Respirology is a peer-reviewed medical journal published by Wiley on behalf of the Asian Pacific Society of Respirology. The word respirology is derived from the Latin root respirare, "to breathe" and the Greek root logos, "knowledge". The journal covers clinical respiratory biology and disease, including epidemiology, intensive and critical care medicine, pathology, physiology, thoracic surgery, and general medicine, as it relates to respiratory biology and disease.

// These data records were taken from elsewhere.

(* The wreath product $\mathbb{Z}_2 \wr \mathbb{Z}^2$ is Cayley $2$-tape linear-time computable.
   Context: For $k>1$, a $k$-tape Turing machine has $k$ semi-infinite tapes, each with the unmodifiable symbol $\boxplus$ in its leftmost cell (occurring only there); $\boxdot$ is the blank symbol. A function $f : \Sigma^* \to \Sigma^*$ is computed on a $k$-tape Turing machine in linear time if there is such a machine and a constant $C>0$ such that for every input $x \in \Sigma^*$ of length $n$, started with first tape $\boxplus x \boxdot^\infty$, the other tapes $\boxplus \boxdot^\infty$, all heads on $\boxplus$, the machine halts in an accepting state in at most $Cn$ steps with the first tape having prefix $\boxplus f(x) \boxdot$ (no restriction on anything else). A finitely generated group $G$ with finite set of semigroup generators $S$ is Cayley $k$-tape linear-time computable if there exist a finite alphabet $\Sigma$, a language $L \subseteq \Sigma^*$, a bijection $\psi : L \to G$ and, for each $s \in S$, a function $f_s : \Sigma^* \to \Sigma^*$ computed on a $k$-tape Turing machine in linear time such that $\psi(f_s(w)) = \psi(w)s$ for all $w \in L$ (this does not depend on the choice of $S$). $\mathbb{Z}_2 \wr \mathbb{Z}^2$ is the restricted wreath product (lamplighter group over $\mathbb{Z}^2$). *)

From HB Require Import structures.
From mathcomp Require Import all_boot all_order all_algebra.
From mathcomp Require Import finmap.
Set Implicit Arguments. Unset Strict Implicit. Unset Printing Implicit Defensive.
Import GRing.Theory.

(* Tape symbols over input alphabet S and extra work alphabet W:             *)
(*   Some None       = the left-end marker (boxplus)                        *)
(*   Some (Some (inl a)) = input letter a, Some (Some (inr g)) = work symbol *)
Definition tsym (S W : finType) : finType := option (option (S + W)).
Definition blank {S W : finType} : tsym S W := None.
Definition mark {S W : finType} : tsym S W := Some None.
Definition inp {S W : finType} (a : S) : tsym S W := Some (Some (inl a)).

Inductive move := MoveL | MoveR | Stay.

Record TM (k : nat) (S : finType) := {
  tm_state : finType;
  tm_work : finType;
  tm_start : tm_state;
  tm_accept : pred tm_state;
  tm_delta : tm_state -> {ffun 'I_k -> tsym S tm_work} ->
             option (tm_state * {ffun 'I_k -> tsym S tm_work * move})
}.
Arguments tm_start {k S} _.
Arguments tm_accept {k S} _.
Arguments tm_delta {k S} _.

(* The marker is unmodifiable and occurs only in the leftmost cell: when a   *)
(* head reads the marker it rewrites the marker and does not move left; when *)
(* it reads any other symbol it does not write the marker.                   *)
Definition TM_wf k S (M : TM k S) : Prop :=
  forall q r q' act (i : 'I_k), tm_delta M q r = Some (q', act) ->
    ((r i == mark) = ((act i).1 == mark)) /\ (r i == mark -> (act i).2 <> MoveL).

Record conf k S (M : TM k S) := {
  c_state : tm_state M;
  c_tape : 'I_k -> nat -> tsym S (tm_work M);
  c_head : 'I_k -> nat
}.

Definition c_read k S (M : TM k S) (c : conf M) : {ffun 'I_k -> tsym S (tm_work M)} :=
  [ffun i => c_tape c i (c_head c i)].

Definition halted k S (M : TM k S) (c : conf M) : bool :=
  if tm_delta M (c_state c) (c_read c) is None then true else false.

Definition do_move (m : move) (h : nat) : nat :=
  match m with MoveL => h.-1 | MoveR => h.+1 | Stay => h end.

Definition step k S (M : TM k S) (c : conf M) : option (conf M) :=
  match tm_delta M (c_state c) (c_read c) with
  | None => None
  | Some (q', act) =>
      Some {| c_state := q';
              c_tape := fun i j => if j == c_head c i then (act i).1 else c_tape c i j;
              c_head := fun i => do_move (act i).2 (c_head c i) |}
  end.

Fixpoint run k S (M : TM k S) (t : nat) (c : conf M) : conf M :=
  match t with
  | 0 => c
  | t'.+1 => match step c with Some c' => run t' c' | None => c end
  end.

Definition init_conf k S (M : TM k S) (i0 : 'I_k) (x : seq S) : conf M :=
  {| c_state := tm_start M;
     c_tape := fun i j =>
       if j == 0 then mark
       else if i == i0 then nth blank [seq inp a | a <- x] j.-1
       else blank;
     c_head := fun _ => 0 |}.

Definition tape_prefix k S (M : TM k S) (c : conf M) (i0 : 'I_k) (y : seq S) : Prop :=
  c_tape c i0 0 = mark /\
  (forall j, j < size y -> c_tape c i0 j.+1 = nth blank [seq inp a | a <- y] j) /\
  c_tape c i0 (size y).+1 = blank.

Definition lin_time_computable (k : nat) (S : finType) (f : seq S -> seq S) : Prop :=
  exists (i0 : 'I_k), nat_of_ord i0 = 0 /\
  exists (M : TM k S), TM_wf M /\
  exists C : nat, 0 < C /\
  forall x : seq S,
    exists t, t <= C * (size x).+1 /\
      let c := run t (init_conf M i0 x) in
      halted c /\ tm_accept M (c_state c) /\ tape_prefix c i0 (f x).

Definition cayley_lin_time (k : nat) (G : eqType) (mul : G -> G -> G) (gens : seq G) : Prop :=
  exists (Sig : finType) (L : pred (seq Sig)) (psi : seq Sig -> G),
    {in L &, injective psi} /\
    (forall g : G, exists2 w, w \in L & psi w = g) /\
    (forall s, s \in gens ->
       exists f : seq Sig -> seq Sig,
         lin_time_computable k f /\
         forall w, w \in L -> f w \in L /\ psi (f w) = mul (psi w) s).

(* The lamplighter group Z_2 wr Z^2: pairs (A, p) with A a finite set of    *)
(* lit lamps in Z^2 and p the lamplighter position;                          *)
Local Open Scope fset_scope.
Definition Z2 := (int * int)%type.
Definition lamp := ({fset Z2} * Z2)%type.
Definition addZ2 (p q : Z2) : Z2 := (p.1 + q.1, p.2 + q.2)%R.
Definition shiftZ2 (p : Z2) (B : {fset Z2}) : {fset Z2} := [fset addZ2 p x | x in B].
Definition symdiff (A B : {fset Z2}) : {fset Z2} := (A `\` B) `|` (B `\` A).
Definition lamp_mul (g h : lamp) : lamp :=
  (symdiff g.1 (shiftZ2 g.2 h.1), addZ2 g.2 h.2).

Definition lamp_gens : seq lamp :=
  [:: ([fset ((0:int), (0:int))], ((0:int), (0:int)));
      (fset0, ((1:int), (0:int)));  (fset0, ((-1)%R, (0:int)));
      (fset0, ((0:int), (1:int)));  (fset0, ((0:int), (-1)%R)) ].

From HB Require Import structures.
From mathcomp Require Import all_boot all_order all_algebra finmap.
From mathcomp Require Import zify.
Set Implicit Arguments. Unset Strict Implicit. Unset Printing Implicit Defensive.

(* An element (A, p) of Z_2 wr Z^2 is written as the lamplighter position p
   followed by the lexicographically sorted list of its lit lamps taken
   relative to p, every integer in signed unary.  In this normal form each
   generator acts by a finite-state sequential transducer with boundedly many
   output letters per input letter: a move by d adds d to p and subtracts d
   from every lamp, which keeps the list sorted, and a toggle inserts or
   deletes the point (0, 0), which a left-to-right scan of the sorted list
   finds.  (With absolute lamp positions a toggle would have to compare every
   lamp with p.)  A transducer with
   bounded output runs in linear time on two tapes: stream the input through
   it onto the second tape, rewind both heads and copy the result back. *)

(** * Sequential transducers *)

Section Transducer.
Variables (S Q : Type) (tstep : Q -> S -> Q * seq S) (tfinal : Q -> seq S).

Fixpoint transduce (q : Q) (w : seq S) : seq S :=
  if w is a :: w' then (tstep q a).2 ++ transduce (tstep q a).1 w' else tfinal q.

Fixpoint tr_state (q : Q) (w : seq S) : Q :=
  if w is a :: w' then tr_state (tstep q a).1 w' else q.

Fixpoint tr_output (q : Q) (w : seq S) : seq S :=
  if w is a :: w' then (tstep q a).2 ++ tr_output (tstep q a).1 w' else [::].

Lemma transduceE q w : transduce q w = tr_output q w ++ tfinal (tr_state q w).
Proof. by elim: w q => [|a w IH] q //=; rewrite IH catA. Qed.

Lemma size_transduce K q w :
  (forall q a, size (tstep q a).2 <= K) -> (forall q, size (tfinal q) <= K) ->
  size (transduce q w) <= K * (size w).+1.
Proof.
move=> Kstep Kfinal; elim: w q => [|a w IH] q /=; first by rewrite muln1.
by rewrite size_cat mulnS leq_add.
Qed.

End Transducer.

(** * A two-tape machine running a transducer *)

Lemma runD k S (M : TM k S) m n (c : conf M) : run (m + n) c = run n (run m c).
Proof.
elim: m c => [|m IH] c //=; case E: (step c) => [c'|] //.
by elim: n {IH} => [|n IHn] //=; rewrite E.
Qed.

Lemma runSr k S (M : TM k S) n (c : conf M) : run n.+1 c = run n (run 1 c).
Proof. by rewrite -add1n runD. Qed.

Lemma runS k S (M : TM k S) n (c : conf M) : run n.+1 c = run 1 (run n c).
Proof. by rewrite -addn1 runD. Qed.

Section TransducerMachine.
Variables (S Q : finType) (q0 : Q) (tstep : Q -> S -> Q * seq S) (tfinal : Q -> seq S).
Variable K : nat.
Hypotheses (tstep_size : forall q a, size (tstep q a).2 <= K)
           (tfinal_size : forall q, size (tfinal q) <= K).

Local Notation sym := (tsym S void).

Definition block q (oa : option S) : seq S :=
  if oa is Some a then (tstep q a).2 else tfinal q.

Lemma size_block q oa : size (block q oa) <= K.
Proof. by case: oa => [a|]; [exact: tstep_size | exact: tfinal_size]. Qed.

Inductive ctrl := Read of Q | Emit of Q & option S & 'I_K.+1 | Rewind | Copy | Done.

Definition ctrl_code (s : ctrl) : Q + Q * option S * 'I_K.+1 + option bool :=
  match s with
  | Read q => inl (inl q) | Emit q oa i => inl (inr (q, oa, i))
  | Rewind => inr None | Copy => inr (Some false) | Done => inr (Some true)
  end.

Definition ctrl_decode (c : Q + Q * option S * 'I_K.+1 + option bool) : ctrl :=
  match c with
  | inl (inl q) => Read q | inl (inr (q, oa, i)) => Emit q oa i
  | inr None => Rewind | inr (Some false) => Copy | inr (Some true) => Done
  end.

Lemma ctrl_codeK : cancel ctrl_code ctrl_decode. Proof. by case. Qed.

HB.instance Definition _ := Finite.copy ctrl (can_type ctrl_codeK).

Definition tape_of (s : seq S) (j : nat) : sym :=
  if j is j'.+1 then nth blank [seq inp a | a <- s] j' else mark.

Definition letter_of (r : sym) : option S := if r is Some (Some (inl a)) then Some a else None.

(* [Emit q oa i] writes letter [i] of the block that the transducer outputs on
   reading [oa] ([None] at the end of the input) onto tape 1. *)
Definition ctrl_step (s : ctrl) (r0 r1 : sym) : option (ctrl * (sym * move) * (sym * move)) :=
  match s with
  | Read q =>
      if r0 == mark then Some (Read q, (mark, MoveR), (mark, MoveR))
      else Some (Emit q (letter_of r0) ord0, (r0, Stay), (r1, Stay))
  | Emit q oa i =>
      if i < size (block q oa) then
        Some (Emit q oa (inord i.+1), (r0, Stay), (tape_of (block q oa) i.+1, MoveR))
      else if oa is Some a then Some (Read (tstep q a).1, (r0, MoveR), (r1, Stay))
      else Some (Rewind, (r0, Stay), (r1, Stay))
  | Rewind =>
      if (r0 == mark) && (r1 == mark) then Some (Copy, (mark, MoveR), (mark, MoveR))
      else Some (Rewind, (r0, MoveL), (r1, MoveL))
  | Copy =>
      if r1 == blank then Some (Done, (blank, Stay), (r1, Stay))
      else Some (Copy, (r1, MoveR), (r1, MoveR))
  | Done => None
  end.

(* Makes any action respect the marker discipline of [TM_wf], so that
   [ctrl_step] does not have to. *)
Definition guard (r : sym) (a : sym * move) : sym * move :=
  if r == mark then (mark, if a.2 is MoveL then Stay else a.2)
  else (if a.1 == mark then r else a.1, a.2).

Definition tm_step (s : ctrl) (r : {ffun 'I_2 -> sym}) :=
  if ctrl_step s (r ord0) (r ord_max) is Some (s', a0, a1)
  then Some (s', [ffun i => guard (r i) (if i == ord0 then a0 else a1)])
  else None.

Definition transducer_tm : TM 2 S :=
  {| tm_state := ctrl; tm_work := void; tm_start := Read q0;
     tm_accept := pred1 Done; tm_delta := tm_step |}.

Lemma transducer_tm_wf : TM_wf transducer_tm.
Proof.
move=> s r s' act i /=; rewrite /tm_step.
case: (ctrl_step s _ _) => [[[s'' a0] a1]|] // [_ <-]; rewrite ffunE /guard.
set a := if i == ord0 then a0 else a1.
case rM: (r i == mark) => /=; first by split => //; case: a.2.
by case: ifP => [aM|->]; rewrite ?rM ?aM.
Qed.

Definition conf_is (c : conf transducer_tm) s h0 h1 (t0 t1 : nat -> sym) : Prop :=
  [/\ c_state c = s, c_head c ord0 = h0, c_head c ord_max = h1,
      c_tape c ord0 =1 t0 & c_tape c ord_max =1 t1].

Definition upd (t : nat -> sym) h w : nat -> sym := fun j => if j == h then w else t j.

Lemma ord2P (i : 'I_2) : i = ord0 \/ i = ord_max.
Proof. by case: i => [[|[|//]] ?]; [left | right]; exact: val_inj. Qed.

Lemma run1_conf c s h0 h1 t0 t1 s' a0 a1 h0' h1' t0' t1' :
  conf_is c s h0 h1 t0 t1 -> ctrl_step s (t0 h0) (t1 h1) = Some (s', a0, a1) ->
  do_move (guard (t0 h0) a0).2 h0 = h0' -> do_move (guard (t1 h1) a1).2 h1 = h1' ->
  upd t0 h0 (guard (t0 h0) a0).1 =1 t0' -> upd t1 h1 (guard (t1 h1) a1).1 =1 t1' ->
  conf_is (run 1 c) s' h0' h1' t0' t1'.
Proof.
case: c => s0 tp hd [/= -> H0 H1 T0 T1] E <- <- U0 U1.
have R i : tp i (hd i) = if i == ord0 then t0 h0 else t1 h1.
  by case: (ord2P i) => ->; rewrite ?H0 ?T0 ?H1 ?T1.
rewrite /= /step /c_read /= /tm_step !ffunE !R /= E.
split => //= [||j|j]; rewrite ?ffunE ?R /=.
- by rewrite H0.
- by rewrite H1.
- by rewrite -U0 /upd H0; case: (j =P h0) => // _; exact: T0.
- by rewrite -U1 /upd H1; case: (j =P h1) => // _; exact: T1.
Qed.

In 2020, Respirology was included in an expression of concern from Web of Science Journal Citation Reports for excessive self-citation.

History 
The journal was established in March 1996 by the Asian Pacific Society of Respirology as a quarterly edition. It was subsequently adopted by the Thoracic Society of Australia and New Zealand as its preferred journal, by the Japanese Respiratory Society and the Taiwan Society of Pulmonary and Critical Care Medicine as their preferred English-language journal and by the World Association for Bronchology and Interventional Pulmonology as an official journal. It gradually increased the number of issues to 12 per year. In 2008, an article processing charge was introduced. In 2015, the journal moved to online-only delivery.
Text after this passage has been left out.